Nessun elenco di cose storte
Finalmente prende vita la nuova stagione per Atto Due presso T.R.A.M. Teatro della Limonaia di Sesto Fiorentino. Questo passato tempo sospeso non è stato invano. Ha aperto domande in molte direzioni, messo in dubbio necessità, interrogato certezze e desideri, delineato ipotesi di futuro possibile. Il fattore tempo ci ha fatto riscoprire a sua volta una modalità di lavoro da tempo trascurata e la distanza forzata dagli “altri” ci ha permesso di ridefinire il senso profondo della relazione artistica.
Un anno di assenza dal pubblico, che ci ha visti impegnati nella salvaguardia del lavoro di tutte le maestranze coinvolte nel processo artistico e creativo.
Una sospensione necessaria per ritrovare anche e soprattutto un modo di fare ricerca di cui da tempo sentivamo la mancanza. Un procedere a tappe di lavoro segnato da un costante confronto e verifica con amici artisti e allievi attori.
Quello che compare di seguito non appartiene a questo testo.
Lemma exists_unit_vector_of_octahedral_L :
  Octahedral inL (op_zero zero) (op_add add) (op_scal scal) opn -> exists x, norm x = 1.
Proof.
  intros HO; destruct (HO nil (Forall_nil _) 1 ltac:(lra)) as [S [HS [HS1 _]]].
  destruct (classic (exists n, norm (S (l1_unit n)) <> 0)) as [[n Hn]|Hall].
  - exists (scal (/ norm (S (l1_unit n))) (S (l1_unit n))).
    pose proof (norm_nonneg (S (l1_unit n))).
    rewrite norm_scal, Rabs_right by (apply Rle_ge, Rlt_le, Rinv_0_lt_compat; lra).
    field; auto.
  - assert (opn S <= 0); [|lra].
    apply op_norm_le_of_unit_bound; auto; intro n.
    destruct (Req_dec (norm (S (l1_unit n))) 0) as [->|Hn]; [lra|].
    exfalso; apply Hall; eauto.
Qed.

Lemma octahedral_margin e N L A G r : 0 < e <= 1/12 -> 0 <= N -> 0 <= L ->
  (1 - e) * (N + L) <= Rmax A L -> L * r - N <= A -> 1 - 2 * e <= r <= 1 ->
  A <= G + L * (1 - r) -> (1 - 12 * e) * (N + L) <= G.
Proof.
  intros He HN0 HL0 Hmax Hlow Hr Hup.
  assert (Hdefect : L * (1 - r) <= 2 * e * L) by nra.
  unfold Rmax in Hmax; destruct (Rle_dec A L).
  - assert (HNsmall : (1 - e) * N <= e * L) by nra.
    assert (2 * N <= 8 * e * L) by nra.
    nra.
  - nra.
Qed.

(* Normalising [y0] costs at most [|lam| (1 - |y0|)], which is small because
   testing the hypothesis on [x1] forces [|y0|] to be close to one. *)
Lemma octahedral_of_max_bound xs x1 y0 e : norm x1 = 1 -> norm y0 <= 1 -> 0 < e <= 1/12 ->
  (forall x lam, Span zero add scal (x1 :: xs) x ->
     (1 - e) * (norm x + Rabs lam) <= Rmax (norm (add x (scal lam y0))) (Rabs lam)) ->
  exists y, norm y = 1 /\ forall x lam, Span zero add scal xs x ->
    (1 - 12 * e) * (norm x + Rabs lam) <= norm (add x (scal lam y)).
Proof.
  intros Hx1 Hy0 He Hmax; set (r := norm y0) in *.
  assert (Hr : 1 - 2 * e <= r).
  { pose proof (span_step zero add scal (x1 :: xs) 1 x1 zero (or_introl eq_refl)
      (span_zero _ _ _ _)) as Hspan.
    rewrite scal_1, vadd_0r in Hspan.
    pose proof (Hmax x1 1 Hspan) as H1; rewrite scal_1, Rabs_R1, Hx1 in H1.
    pose proof (norm_triangle x1 y0) as Htri; rewrite Hx1 in Htri; fold r in Htri.
    unfold Rmax in H1.
    destruct (Rle_dec (norm (add x1 y0)) 1); lra. }
  exists (scal (/ r) y0); split.
  { rewrite norm_scal, Rabs_right by (apply Rle_ge, Rlt_le, Rinv_0_lt_compat; lra).
    fold r; field; lra. }
  intros x lam Hx.
  apply (octahedral_margin e (norm x) (Rabs lam) (norm (add x (scal lam y0))) _ r);
    auto using norm_nonneg, Rabs_pos, span_cons.
  - pose proof (norm_triangle (add x (scal lam y0)) (scal (-1) x)) as Htri.
    rewrite <- vadd_assoc, (vadd_comm (scal lam y0)), vadd_assoc, vadd_opp, vadd_0l in Htri.
    rewrite !norm_scal, Rabs_m1 in Htri; fold r in Htri; lra.
  - replace (add x (scal lam y0))
      with (add (add x (scal lam (scal (/ r) y0))) (scal (lam * (1 - / r)) y0)).
    + eapply Rle_trans; [apply norm_triangle|]; apply Rplus_le_compat_l.
      assert (Hir : 1 <= / r) by (apply (Rmult_le_reg_r r); [lra|rewrite Rinv_l; lra]).
      rewrite norm_scal, Rabs_mult, (Rabs_left1 (1 - / r)) by lra; fold r.
      right; field; lra.
    + rewrite scal_assoc, <- vadd_assoc, <- scal_distr_r; do 2 f_equal; field; lra.
Qed.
Una modalità che arricchisce il lavoro e lo lascia sedimentare in attesa della sua naturale conclusione. Molti sono stati i momenti di incontro – tramite prove aperte e mise en espace – con un pubblico dedicato ma anche in aperture pubbliche, per giungere ad “una nuova stagione” che da oggi si apre nella programmazione del Teatro della Limonaia di Sesto Fiorentino.
Grazie al contributo di Fondazione CR Firenze abbiamo potuto studiare, fare ricerca, e sviluppare quei processi creativi che oggi ci permettono di mettere in scena questa nuova produzione che mette insieme due grandi personalità artistiche, Oscar De Summa e Sandra Garuglieri.
NESSUN ELENCO DI COSE STORTE
testo e regia Oscar De Summa
con Sandra Garuglieri
produzione Atto Due
con il contributo di Fondazione CR Firenze
Dopo una sciagura aerea, un terremoto, un incidente qualunque, vi è una grande attività intorno al luogo della disgrazia. I governi investono molte risorse per queste attività, perché non si può lasciare dei familiari di sciagure senza un corpo da piangere o diversamente detto non si può lasciare un corpo senza nome ovvero senza la ritualità che a quel nome, secondo il proprio vissuto, corrisponde. Assegnando quel nome noi assegniamo l’indirizzo ad un dolore, gli diamo una forma attraverso un rito, un modo di essere vissuto e rappresentato: la vita eterna, la pace dei sensi, la liberazione dalle rinascite. Questo non vuole essere il racconto della squadra di ricerca, né dei migranti dispersi, ma della nostra relazione con la morte attraverso un gioco, attraverso un giallo che si propone, in modo ludico, di scoprire chi ha ucciso la morte.